Страница 19 из 41
Эскель с девочкой снова сели за стол: принесли их заказ. Ведьмак налил себе вина и поднял кружку:
— Ну, несмотря на всё, мы с тобой сделали очень хорошее дело: устроили целой деревне настоящий праздник жизни. Отметим! — Эскель залпом глотнул напиток и принялся за поросёнка.
Пантея пригубила малиновый сок, ссутулилась и нахмурилась:
— Лучше бы они так и оставались, так им и надо!
— По крайней мере, это будет на их совести, а не на нашей. И в любом случае наши старания были не зря.

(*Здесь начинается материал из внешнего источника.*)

Lemma switch_bound X e f (p p' q q' : 'I_m) :
  is_pm X -> e \in X -> f \in X -> e != f -> e = [set p; p'] -> f = [set q; q'] ->
  `|sigma_sum s M| <= `|sigma_sum s X - s e - s f + pw s p q + pw s p' q'|.
Proof.
move=> pX eX fX ef eE fE; rewrite -(switch_sum pX eX fX ef eE fE s).
exact/M_min/(switch_pm pX eX fX ef eE fE).
Qed.

Lemma cross_mod4_balanced X e f : `|sigma_sum s M| = 2 ->
  is_pm X -> e \in X -> f \in X -> e != f -> sigma_sum s X = s e + s f ->
  (4 %| cross s e f)%Z.
Proof.
move=> Mabs pX eX fX ef sX.
have [p [p' [_ eE]]] := pm_pair pX eX; have [q [q' [_ fE]]] := pm_pair pX fX.
have [[pp' qq' pq pq'] [p'q p'q']] := pm_ends pX eX fX ef eE fE.
have := switch_bound pX eX fX ef eE fE.
have := switch_bound pX eX fX ef eE (etrans fE (setUC _ _)).
have rest0 : sigma_sum s X - s e - s f = 0 by rewrite sX; ring.
rewrite Mabs rest0 !add0r => b2 b1.
by rewrite eE fE cross_set2 //; apply: cross4_balanced; try apply: pw_sign.
Qed.

Lemma cross_mod4_opposite X1 X2 e f : `|sigma_sum s M| = 2 ->
  is_pm X1 -> is_pm X2 -> sigma_sum s X1 = 2 -> sigma_sum s X2 = -2 ->
  e \in X1 -> f \in X1 -> e \in X2 -> f \in X2 -> e != f ->
  (4 %| cross s e f)%Z.
Proof.
move=> Mabs pX1 pX2 sX1 sX2 eX1 fX1 eX2 fX2 ef.
have [p [p' [_ eE]]] := pm_pair pX1 eX1; have [q [q' [_ fE]]] := pm_pair pX1 fX1.
have [[pp' qq' pq pq'] [p'q p'q']] := pm_ends pX1 eX1 fX1 ef eE fE.
have fE' := etrans fE (setUC _ _).
have := switch_bound pX1 eX1 fX1 ef eE fE; have := switch_bound pX1 eX1 fX1 ef eE fE'.
have := switch_bound pX2 eX2 fX2 ef eE fE; have := switch_bound pX2 eX2 fX2 ef eE fE'.
rewrite sX1 sX2 Mabs => b4 b3 b2 b1.
rewrite eE fE cross_set2 //; apply: (cross4_opposite _ _ _ _ _ _ b1 b2 b3 b4);
  by [apply: s_sign; apply: pm_edge pX1 _ | apply: pw_sign].
Qed.

(* If no switch lowers sigma, cross sums dominate and sigma(M) > 0 is absurd. *)
Lemma no_lowering_switch_absurd : 0 < sigma_sum s M ->
  (forall g h (u u' v v' : 'I_m), g \in M -> h \in M -> g != h ->
     g = [set u; u'] -> h = [set v; v'] -> s g + s h <= pw s u v + pw s u' v') ->
  False.
Proof.
move=> M_pos no_lowering; have /and3P[_ tM _] := pM.
have M_nonempty : (0 < #|M|)%N.
  rewrite card_gt0; apply: contraTneq M_pos => ->.
  by rewrite /sigma_sum big_set0 ltxx.
have cross_dom : {in M &, forall e f, e != f ->
    2 * (inner s e + inner s f) <= cross s e f}.
  move=> e f eM fM ef; rewrite !inner_edge ?(pm_edge pM) //.
  have [p [p' [_ eE]]] := pm_pair pM eM; have [q [q' [_ fE]]] := pm_pair pM fM.
  have [[pp' qq' _ _] _] := pm_ends pM eM fM ef eE fE.
  have := no_lowering _ _ _ _ _ _ eM fM ef eE fE.
  have := no_lowering _ _ _ _ _ _ eM fM ef eE (etrans fE (setUC _ _)).
  rewrite eE fE cross_set2 //; lia.
have := inner_cover_lower tM cross_dom.
rewrite inner_pm_cover // inner_pm_blocks // add0r.
move: M_nonempty M_pos; rewrite -(ltr_nat int); move: (#|M|%:R : int).
move: (sigma_sum s M) => S k; nia.
Qed.
(* Let $d\ge1$, $\alpha>0$, $n\in\mathbb N$. There exists a constant $c<\infty$ depending only on $n,\alpha,d$ such that for every $\ell\in\mathbb N$, $$\sum{}^{*}\ e^{-|u_1-v_1|^\alpha-|u_2-v_2|^\alpha-\cdots-|u_{2n}-v_{2n}|^\alpha}\le c\,\ell^{nd},$$ where $\sum^*$ runs over all $(u_1,\dots,u_{2n},v_1,\dots,v_{2n})\in([-\ell,\ell]^d\cap\mathbb Z^d)^{4n}$ such that for each $i\in\{1,\dots,2n\}$ there exists $j\in\{1,\dots,2n\}$, $j\ne i$, with $\{u_i,v_i\}\cap\{u_j,v_j\}\ne\emptyset$.
   Context: $|\cdot|$ denotes the Euclidean norm. *)

From HB Require Import structures.
From mathcomp Require Import all_boot all_order all_algebra.
From mathcomp Require Import all_classical all_reals all_analysis.
Set Implicit Arguments. Unset Strict Implicit. Unset Printing Implicit Defensive.
Import Order.TTheory GRing.Theory Num.Theory.
Local Open Scope ring_scope.

(* A lattice point of [-l,l]^d ∩ Z^d is encoded by its shifted coordinates
   k ↦ x_k + l ∈ {0,…,2l}.  The encoding is a bijection onto the box. *)
Notation boxpt d l := {ffun 'I_d -> 'I_(2 * l).+1}.

Definition coord (d l : nat) (p : boxpt d l) (k : 'I_d) : int :=
  (nat_of_ord (p k))%:Z - l%:Z.

Definition edist (R : realType) (d l : nat) (p q : boxpt d l) : R :=
  Num.sqrt (\sum_(k < d) ((coord p k - coord q k)%:~R) ^+ 2).

Definition star_cond (m d l : nat) (u v : {ffun 'I_m -> boxpt d l}) : bool :=
  [forall i : 'I_m, exists j : 'I_m,
     (j != i) && [|| u i == u j, u i == v j, v i == u j | v i == v j]].

Definition star_sum (R : realType) (alpha : R) (n d l : nat) : R :=
  \sum_(uv : {ffun 'I_(2 * n) -> boxpt d l} * {ffun 'I_(2 * n) -> boxpt d l}
          | star_cond uv.1 uv.2)
     expR (- \sum_(i < 2 * n) (edist R (uv.1 i) (uv.2 i)) `^ alpha).

From Pilot Require Import Defs.
From HB Require Import structures.
From mathcomp Require Import all_boot all_order all_algebra.
From mathcomp Require Import all_classical all_reals all_analysis.
From mathcomp Require Import ring lra zify.
Set Implicit Arguments.
Unset Strict Implicit.
Unset Printing Implicit Defensive.

Import Order.TTheory GRing.Theory Num.Theory.
Local Open Scope ring_scope.

(* Let w(p, q) = exp(-|p - q|^alpha).  Its row sums over the box are bounded
   independently of l: comparing the Euclidean norm with each coordinate gives
   w(p, q) <= prod_k exp(-|p_k - q_k|^alpha / d), and exp(-|z|^alpha / d) is at
   most a constant times the increment softsign z - softsign (z - 1) of the
   bounded function softsign x = x / (|x| + 1), so each coordinate sum telescopes.

   In a configuration of the starred sum, the graph on {1, ..., 2n} joining i and
   j whenever the pairs {u_i, v_i} and {u_j, v_j} meet has no isolated vertex, so
   it has a dominating set F with at most n elements: a minimal dominating set and
   its complement both dominate.  Once F and an anchor s(i) in F adjacent to each
   i outside F are fixed, the pairs indexed by F are free, each contributing at
   most (2l + 1)^d S, while every other pair must meet its already fixed anchor
   pair, contributing at most 4 S.  Summing over the finitely many choices of
   (F, s) gives the bound c l^(nd). *)

Section Decay.
Variable R : realType.

Definition softsign (x : R) : R := x / (`|x| + 1).

Lemma softsign_norm_le1 x : `|softsign x| <= 1.
Proof.
rewrite /softsign normrM normfV [`|_ + 1|]ger0_norm ?addr_ge0 //.
by rewrite ler_pdivrMr ?mul1r ?ltr_wpDl // lerDl.
Qed.

Lemma softsign_increment x : x <= 0 \/ 1 <= x ->
  ((`|x| + 2) ^+ 2)^-1 <= softsign x - softsign (x - 1).
Proof.
rewrite /softsign => -[x_le0 | x_ge1].
- have x1_le0 : x - 1 <= 0 by lra.
  rewrite !ler0_norm //.
  have -> : x / (- x + 1) - (x - 1) / (- (x - 1) + 1) = ((1 - x) * (2 - x))^-1.
    by field; apply/andP; split; apply/negP => /eqP; lra.
  rewrite lef_pV2 ?posrE; nra.
- have [x_ge0 x1_ge0] : 0 <= x /\ 0 <= x - 1 by split; lra.
  rewrite !ger0_norm //.
  have -> : x / (x + 1) - (x - 1) / (x - 1 + 1) = (x * (x + 1))^-1.
    by field; apply/andP; split; apply/negP => /eqP; lra.
  rewrite lef_pV2 ?posrE; nra.
Qed.

Lemma expR_powR_decay (alpha b : R) : 0 < alpha -> 1 <= b ->
  exists C, forall m, 0 <= m -> expR (- m `^ alpha / b) <= C / (m + 2) ^+ 2.
Proof.
move=> alpha_gt0 b_ge1.
pose k := Num.truncn (2 / alpha).
have k_large : 2 <= alpha * k.+1%:R.
  by rewrite mulrC -ler_pdivrMr // ltW // truncnS_gt.
have b_gt0 : 0 < b by lra.
exists (9 * (b ^+ k.+1 * k.+1`!%:R)) => m m_ge0.
have bk_ge1 : 1 <= b ^+ k.+1 * k.+1`!%:R.
  by rewrite mulr_ege1 ?exprn_ege1 // ler1n fact_gt0.
have m2_gt0 : 0 < (m + 2) ^+ 2 by rewrite exprn_gt0 //; lra.
rewrite ler_pdivlMr // mulrC -ler_pdivlMr ?expR_gt0 // -expRN mulNr opprK.
set y := m `^ alpha / b.
have y_ge0 : 0 <= y by rewrite divr_ge0 ?powR_ge0 // ltW.
have [m_le1 | m_gt1] := lerP m 1.
  by have := expR_ge1Dx y; nra.
(* For m >= 1: (m + 2)^2 <= 9 m^2 <= 9 m^(alpha (k + 1)) = 9 (b y)^(k + 1)
   <= 9 b^(k + 1) (k + 1)! e^y. *)
have m2_le : m ^+ 2 <= b ^+ k.+1 * y ^+ k.+1.
  rewrite -exprMn /y mulrC divfK ?gt_eqF //.
  rewrite -[_ ^+ k.+1]powR_mulrn ?powR_ge0 // -powRrM -[m ^+ 2]powR_mulrn; last lra.
  by apply: ler_powR => //; lra.
have yk_le : y ^+ k.+1 <= k.+1`!%:R * expR y.
  rewrite mulrC -ler_pdivrMr ?ltr0n ?fact_gt0 //.
  by apply: le_trans (expR_ge1Dxn k y_ge0); rewrite lerDr.
apply: (@le_trans _ _ (9 * m ^+ 2)); first nra.
rewrite -mulrA ler_wpM2l // (le_trans m2_le) // -mulrA ler_wpM2l ?exprn_ge0 //; lra.
Qed.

— Да… Мне маменька всегда говорила, что самое страшное — это когда ты лезешь вон из кожи, а всё напрасно… Она с папенькой мечтала спасти Темерию… и тоже напрасно. А ведь это моя родная страна, страна моих предков. Нельзя человеку без родины… Слушай, Эскель?
— Ну?
— Вот Геральт — из Ривии…
— Не совсем. Его королева Ривии посвятила в рыцари, вот он и стал так зваться.
— А ты откуда?
Ведьмак крепко задумался. Ему никогда не давали никаких прозвищ, а откуда он родом — уже сам не помнил.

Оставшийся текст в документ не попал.